A new process for the remanufacturing of glass-encapsulated perovskite solar cells differs from conventional recycling by enhancing direct reuse of bulk materials with high environmental impact. The strategy goes beyond recycling by significantly reducing a module’s global warming potential (GWP).

An international team of researchers first examined module materials associated with high environmental impacts. The device studied includes a fluorine-doped tin oxide (FTO) front electrode, compact and mesoporous titanium dioxide, zirconium dioxide and a carbon-based back electrode, all encased with thermoplastic olefins (TPO), polyisobutylene (PIB)-based edge seal and a glass backsheet.

Only about 5% part of the cell stack’s GWP was associated with the materials of manufacture; most of the GWP contribution is linked to the energy and solvents used to deposit solar cell layers. The analysis pointed to the recovery and reuse of glass for the greatest GWP reduction.

Mechanical separation of the backsheet glass was performed by heating the cell up to 140° C, after which the encapsulants were placed in acetone and then peeled off. A bath of methylamine and ethanol liquefied and washed out the perovskite.
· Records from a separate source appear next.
Definition corrFidPur (A : Sys T) (rho : Tr sI A) (Ch : Tr A A) : R :=
  inf [set x : R | exists (C : Sys T) (Phi : Tr sI (sP A C)),
        Purification rho Phi /\ x = (fidelity Phi (applyA Ch Phi)) ^+ 2].

Record OPTlaws : Prop := {
  compA : forall (A B C D : Sys T) (f : Tr A B) (g : Tr B C) (h : Tr C D),
      comp h (comp g f) = comp (comp h g) f;
  comp1T : forall (A B : Sys T) (f : Tr A B), comp (idT B) f = f;
  compT1 : forall (A B : Sys T) (f : Tr A B), comp f (idT A) = f;
  par_comp : forall (A B C D E F : Sys T) (f1 : Tr A B) (g1 : Tr B C)
      (f2 : Tr D E) (g2 : Tr E F),
      par (comp g1 f1) (comp g2 f2) = comp (par g1 g2) (par f1 f2);
  par_id : forall A B : Sys T, par (idT A) (idT B) = idT (sP A B);
  lu_inv1 : forall A : Sys T, comp (lu A) (luI A) = idT A;
  lu_inv2 : forall A : Sys T, comp (luI A) (lu A) = idT (sP sI A);
  ru_inv1 : forall A : Sys T, comp (ru A) (ruI A) = idT A;
  ru_inv2 : forall A : Sys T, comp (ruI A) (ru A) = idT (sP A sI);
  asc_inv1 : forall A B C : Sys T, comp (asc A B C) (ascI A B C) = idT (sP A (sP B C));
  asc_inv2 : forall A B C : Sys T, comp (ascI A B C) (asc A B C) = idT (sP (sP A B) C);
  sw_inv : forall A B : Sys T, comp (sw B A) (sw A B) = idT (sP A B);
  lu_nat : forall (A B : Sys T) (f : Tr A B),
      comp (lu B) (par (idT sI) f) = comp f (lu A);
  ru_nat : forall (A B : Sys T) (f : Tr A B),
      comp (ru B) (par f (idT sI)) = comp f (ru A);
  asc_nat : forall (A A' B B' C C' : Sys T) (f : Tr A A') (g : Tr B B') (h : Tr C C'),
      comp (asc A' B' C') (par (par f g) h) = comp (par f (par g h)) (asc A B C);
  sw_nat : forall (A B C D : Sys T) (f : Tr A B) (g : Tr C D),
      comp (sw B D) (par f g) = comp (par g f) (sw A C);
  triangle : forall A B : Sys T,
      comp (par (idT A) (lu B)) (asc A sI B) = par (ru A) (idT B);
  pentagon : forall A B C D : Sys T,
      comp (asc A B (sP C D)) (asc (sP A B) C D) =
      comp (par (idT A) (asc B C D)) (comp (asc A (sP B C) D) (par (asc A B C) (idT D)));
  hexagon : forall A B C : Sys T,
      comp (asc B C A) (comp (sw A (sP B C)) (asc A B C)) =
      comp (par (idT B) (sw A C)) (comp (asc B A C) (par (sw A B) (idT C)));
  addTC : forall (A B : Sys T) (f g : Tr A B), addT f g = addT g f;
  addTA : forall (A B : Sys T) (f g h : Tr A B), addT f (addT g h) = addT (addT f g) h;
  add0T : forall (A B : Sys T) (f : Tr A B), addT zeroT f = f;
  scl1T : forall (A B : Sys T) (f : Tr A B), sclT 1 f = f;
  sclTA : forall (A B : Sys T) (a b : R) (f : Tr A B), sclT a (sclT b f) = sclT (a * b) f;
  sclTDl : forall (A B : Sys T) (a b : R) (f : Tr A B),
      sclT (a + b) f = addT (sclT a f) (sclT b f);
  sclTDr : forall (A B : Sys T) (a : R) (f g : Tr A B),
      sclT a (addT f g) = addT (sclT a f) (sclT a g);
  compDl : forall (A B C : Sys T) (f : Tr A B) (g h : Tr B C),
      comp (addT g h) f = addT (comp g f) (comp h f);
  compDr : forall (A B C : Sys T) (f h : Tr A B) (g : Tr B C),
      comp g (addT f h) = addT (comp g f) (comp g h);
  comp0l : forall (A B C : Sys T) (f : Tr A B), comp (zeroT : Tr B C) f = zeroT;
  comp0r : forall (A B C : Sys T) (g : Tr B C), comp g (zeroT : Tr A B) = zeroT;
  compZl : forall (A B C : Sys T) (a : R) (f : Tr A B) (g : Tr B C),
      comp (sclT a g) f = sclT a (comp g f);
  compZr : forall (A B C : Sys T) (a : R) (f : Tr A B) (g : Tr B C),
      comp g (sclT a f) = sclT a (comp g f);
  parDl : forall (A B C D : Sys T) (f g : Tr A B) (h : Tr C D),
      par (addT f g) h = addT (par f h) (par g h);
  parDr : forall (A B C D : Sys T) (f : Tr A B) (g h : Tr C D),
      par f (addT g h) = addT (par f g) (par f h);
  par0l : forall (A B C D : Sys T) (h : Tr C D), par (zeroT : Tr A B) h = zeroT;
  par0r : forall (A B C D : Sys T) (f : Tr A B), par f (zeroT : Tr C D) = zeroT;
  parZl : forall (A B C D : Sys T) (a : R) (f : Tr A B) (h : Tr C D),
      par (sclT a f) h = sclT a (par f h);
  parZr : forall (A B C D : Sys T) (a : R) (f : Tr A B) (h : Tr C D),
      par f (sclT a h) = sclT a (par f h);
  prob_add : forall s t : Tr (@sI R T) (@sI R T), prob (addT s t) = prob s + prob t;
  prob_scl : forall (a : R) (s : Tr (@sI R T) (@sI R T)), prob (sclT a s) = a * prob s;
  prob_comp : forall s t : Tr (@sI R T) (@sI R T), prob (comp s t) = prob s * prob t;
  prob_inj : forall s t : Tr (@sI R T) (@sI R T), prob s = prob t -> s = t;
  prob_ge0 : forall s : Tr (@sI R T) (@sI R T), Ev s -> 0 <= prob s;
  prob_test : forall l : list (Tr (@sI R T) (@sI R T)), Test l -> \sum_(s <- l) prob s = 1;
  test_id : forall A : Sys T, Test [:: idT A];
  test_lu : forall A : Sys T, Test [:: lu A];
  test_luI : forall A : Sys T, Test [:: luI A];
  test_ru : forall A : Sys T, Test [:: ru A];
  test_ruI : forall A : Sys T, Test [:: ruI A];
  test_asc : forall A B C : Sys T, Test [:: asc A B C];
  test_ascI : forall A B C : Sys T, Test [:: ascI A B C];
  test_sw : forall A B : Sys T, Test [:: sw A B];
  test_seq : forall (A B C : Sys T) (l : list (Tr A B)) (m : list (Tr B C)),
      Test l -> Test m -> Test [seq comp g f | f <- l, g <- m];
  test_par : forall (A B C D : Sys T) (l : list (Tr A B)) (m : list (Tr C D)),
      Test l -> Test m -> Test [seq par f g | f <- l, g <- m];
  test_perm : forall (A B : Sys T) (l l' : list (Tr A B)),
      Test l -> Permutation.Permutation l l' -> Test l';
  test_cg : forall (A B : Sys T) (a b : Tr A B) (l : list (Tr A B)),
      Test (a :: b :: l) -> Test (addT a b :: l);
  tr_ext : forall (A B : Sys T) (f g : Tr A B),
      (forall (E : Sys T) (Psi : Tr sI (sP A E)) (c : Tr (sP B E) sI),
          Ev Psi -> Ev c ->
          prob (comp c (comp (par f (idT E)) Psi)) =
          prob (comp c (comp (par g (idT E)) Psi))) -> f = g
}.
“The removal of perovskite and carbon allows reuse of the metal oxide layers deposited on the FTO in order to remanufacture encapsulated perovskite cells,” explained the researchers. “The layer morphology and thickness are preserved. Therefore, carbon deposition and perovskite solution infiltration, followed by the encapsulation with TPO and PIB can be performed again to complete the remanufacturing loop."

The remanufactured encapsulated devices described in ACS Sustainable Resource Management delivered a power conversion efficiency close to 90% of the original solar cells, along with a 33% GWP reduction.

Scientists from Fraunhofer Institute for Solar Energy Systems ISE (Germany), Solaronix SA (Switzerland), École Polytechnique Fédérale de Lausanne (Switzerland), University of Cambridge (U.K.) participated in this study.